How do you simplify `5(w²-6)-8[9-(w²+6)]`?

Answer 1

The final answer is `13w^2-54`

Explanation:

One thing to remember when you are simplifying polynomials is that if you are multiplying terms in the bracket by a number, multiply it with all the terms inside the bracket.

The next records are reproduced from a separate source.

(** The proof is by Lyapunov functions.  Writing the state of [v] as [(x, k)],
  put [rho = 2k + [x = 0]]: every increasing update raises [rho] at its vertex
  unless it leaves the vertex unchanged, and every decreasing update lowers it,
  so [sum rho] rules out periodic orbits for any order of updates.  A mixed
  update preserves [k + [x = 0]], hence the threshold [T_v = k + [x = 0] - 1]
  that [v] compares with its number [N_v] of active neighbours; the Hopfield
  energy [2 sum T_v x_v - sum x_v N_v] does not increase under a single update,
  and when it stays constant the number of inactive vertices drops unless the
  state is fixed.  For the parallel map, Goles' two-step functional
  [sum T_w (x_w + y_w) - sum y_w N_w(x)] for consecutive states [x, y] plays
  the same role for the square of the map, which forbids periods beyond 2. *)
From mathcomp Require Import all_boot ssralg ssrnum ssrint zify perm.
Set Implicit Arguments. Unset Strict Implicit. Unset Printing Implicit Defensive.

Section LexLyapunov.
Variables (T : Type) (V : T -> int) (W : T -> nat).

Definition lex_lyapunov (f : T -> T) :=
  forall s, (V (f s) <= V s)%R /\
    (V (f s) = V s -> (W (f s) <= W s)%N /\ (W (f s) = W s -> f s = s)).

Lemma lex_lyapunov_id : lex_lyapunov id.
Proof. by move=> s; split. Qed.

Lemma lex_lyapunov_comp f g :
  lex_lyapunov f -> lex_lyapunov g -> lex_lyapunov (g \o f).
Proof.
move=> hf hg s /=; have [Vf Wf] := hf s; have [Vg Wg] := hg (f s).
split=> [|/= EV]; first lia.
have [Wf1 Wf2] := Wf ltac:(lia).
have [Wg1 Wg2] := Wg ltac:(lia).
split=> [|/= EW]; first lia.
rewrite Wg2; last lia.
by apply: Wf2; lia.
Qed.

Lemma lex_lyapunov_foldl (I : Type) (F : I -> T -> T) (r : seq I) :
  (forall i, lex_lyapunov (F i)) ->
  lex_lyapunov (fun s => foldl (fun t i => F i t) s r).
Proof.
move=> hF; elim: r => [|i r IH] /=; first exact: lex_lyapunov_id.
exact: lex_lyapunov_comp (hF i) IH.
Qed.

Lemma lex_lyapunov_iter f k : lex_lyapunov f -> lex_lyapunov (iter k f).
Proof.
move=> hf; elim: k => [|k IH]; first exact: lex_lyapunov_id.
exact: lex_lyapunov_comp IH hf.
Qed.

(* Along [s, f s, ..., iter k.+1 f s = s] both potentials are monotone and
   return to their initial values, so they are constant on the first step. *)
Lemma lex_lyapunov_periodic {f k s} :
  lex_lyapunov f -> iter k.+1 f s = s -> f s = s.
Proof.
move=> hf; rewrite iterSr => per.
have [Vf Wf] := hf s; have [Vk Wk] := lex_lyapunov_iter k hf (f s).
rewrite per in Vk Wk.
have [Wf1 Wf2] := Wf ltac:(lia).
have [Wk1 _] := Wk ltac:(lia).
by apply: Wf2; lia.
Qed.

Lemma lex_lyapunov_period2 {f k s} :
  lex_lyapunov (iter 2 f) -> iter k.+1 f s = s -> iter 2 f s = s.
Proof.
move=> hf per; apply: (lex_lyapunov_periodic (k := k) hf).
by rewrite -iterM mulnC iterM -[iter 2 _ _]/(iter k.+1 f (iter k.+1 f s)) !per.
Qed.

End LexLyapunov.

Section Cycles.
Variables (T : eqType) (f : T -> T).

Lemma fcycle_traject x p :
  fcycle f (x :: p) -> x :: p = traject f x (size p).+1 /\ iter (size p).+1 f x = x.
Proof.
move=> /fpathE; rewrite size_rcons trajectSr => /rcons_inj[ep ex].
by rewrite trajectS iterSr -ep -ex.
Qed.

Lemma uniq_traject_le_period {x k j} :
  uniq (traject f x k) -> iter j.+1 f x = x -> k <= j.+1.
Proof.
move=> uniq_tr per; rewrite leqNgt; apply/negP => lt_jk.
have lt_0k : 0 < k by apply: leq_trans lt_jk.
have := @nth_uniq _ x (traject f x k) 0 j.+1.
by rewrite size_traject lt_0k lt_jk uniq_tr !nth_traject // per eqxx => /(_ isT isT isT).
Qed.

Lemma fcycle_size_le {j c} : uniq c -> fcycle f c ->
  (forall k x, iter k.+1 f x = x -> iter j.+1 f x = x) -> size c <= j.+1.
Proof.
case: c => [//|x p] uniq_c /fcycle_traject[ec per] hper.
rewrite ec in uniq_c.
exact: uniq_traject_le_period uniq_c (hper _ _ per).
Qed.

End Cycles.

Lemma leqif_sum_ffun (I : finType) (A : eqType) (P : A -> nat) (s t : {ffun I -> A}) :
  (forall i, P (s i) <= P (t i) ?= iff (t i == s i)) ->
  \sum_i P (s i) <= \sum_i P (t i) ?= iff (t == s).
Proof.
move=> leP; rewrite (_ : (t == s) = [forall i, t i == s i]); first exact: leqif_sum.
by apply/eqP/forallP => [-> i | eq_ts]; last apply/ffunP => i; apply/eqP.
Qed.

Lemma leq_sum_eq (I : finType) (F G : I -> nat) :
  (forall i, F i <= G i) -> \sum_i F i = \sum_i G i -> forall i, F i = G i.
Proof.
move=> le_FG /eqP; rewrite (leqif_sum (fun i _ => leqif_eq (le_FG i))).2.
by move=> /forallP eq_FG i; apply/eqP; exact: eq_FG.
Qed.

Section Threshold.
Variables (n : nat) (e : rel 'I_n).
Hypotheses (e_sym : symmetric e) (e_irr : irreflexive e).

Definition rho (p : bool * nat) : nat := 2 * p.2 + ~~ p.1.

Lemma fv_incr_rho (s : state n) v :
  rho (s v) <= rho (fv e Incr s v) ?= iff (fv e Incr s v == s v).
Proof.
rewrite /fv /rho; move: (sigma e s v) => sg; case: (s v) => [[] k] /=;
by case: leqP => h; apply/leqifP; rewrite /= ?xpair_eqE ?eqxx //=; lia.
Qed.

Lemma fv_decr_rho (s : state n) v :
  rho (fv e Decr s v) <= rho (s v) ?= iff (s v == fv e Decr s v).
Proof.
rewrite /fv /rho; move: (sigma e s v) => sg; case: (s v) => [[] k] /=;
by case: leqP => h; apply/leqifP; rewrite /= ?xpair_eqE ?eqxx //=; lia.
Qed.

Also if you have a negative or minus outside of a bracket, you have to distribute it to all terms inside the bracket.

`5(w^2-6)-8[9-(w^2+6)]`

Start off with the terms with brackets. Distribute the `5` with all the terms inside the bracket in the first term.

`5w^2-30-8[9 -(w^2+6)]`

Get rid of the brackets inside the second term by distributing the minus across the terms in the bracket.

`5w^2-30-8(9 -w^2-6)`

You can then subtract the like terms in the bracket

`5w^2-30-8(-w^2+3)`

Now multiply the `-8` with all of the terms in the bracket.

`5w^2-30+8w^2-24`

You can now add and subtract the like terms in the expression.

`13w^2-54`

Answer 2

See the entire simplification process below:

Explanation:

First, eliminate the parentheses within the brackets. Be careful to handle the signs of the individual terms correctly:

`5(w^2 - 6) - 8[9 - color(red)((w^2 + 6))]`

`5(w^2 - 6) - 8[9 - color(red)(w^2) - color(red)(6)]`

Next, expand the terms within parentheses by multiplying the terms within parentheses/brackets by the term outside the parentheses/bracket. Again, be careful to handle the signs of the individual terms correctly:

`color(red)(5)(w^2 - 6) - color(blue)(8)[9 - w^2 - 6]`

`(color(red)(5) xx w^2) - (color(red)(5) xx 6) - (color(blue)(8) xx 9) + (color(blue)(8) xx w^2) + (color(blue)(8) xx 6)`

`5w^2 - 30 - 72 + 8w^2 + 48`

Now, group and then combine like terms:

`5w^2 + 8w^2 - 30 - 72 + 48`

`(5 + 8)w^2 - 54`

`13w^2 - 54`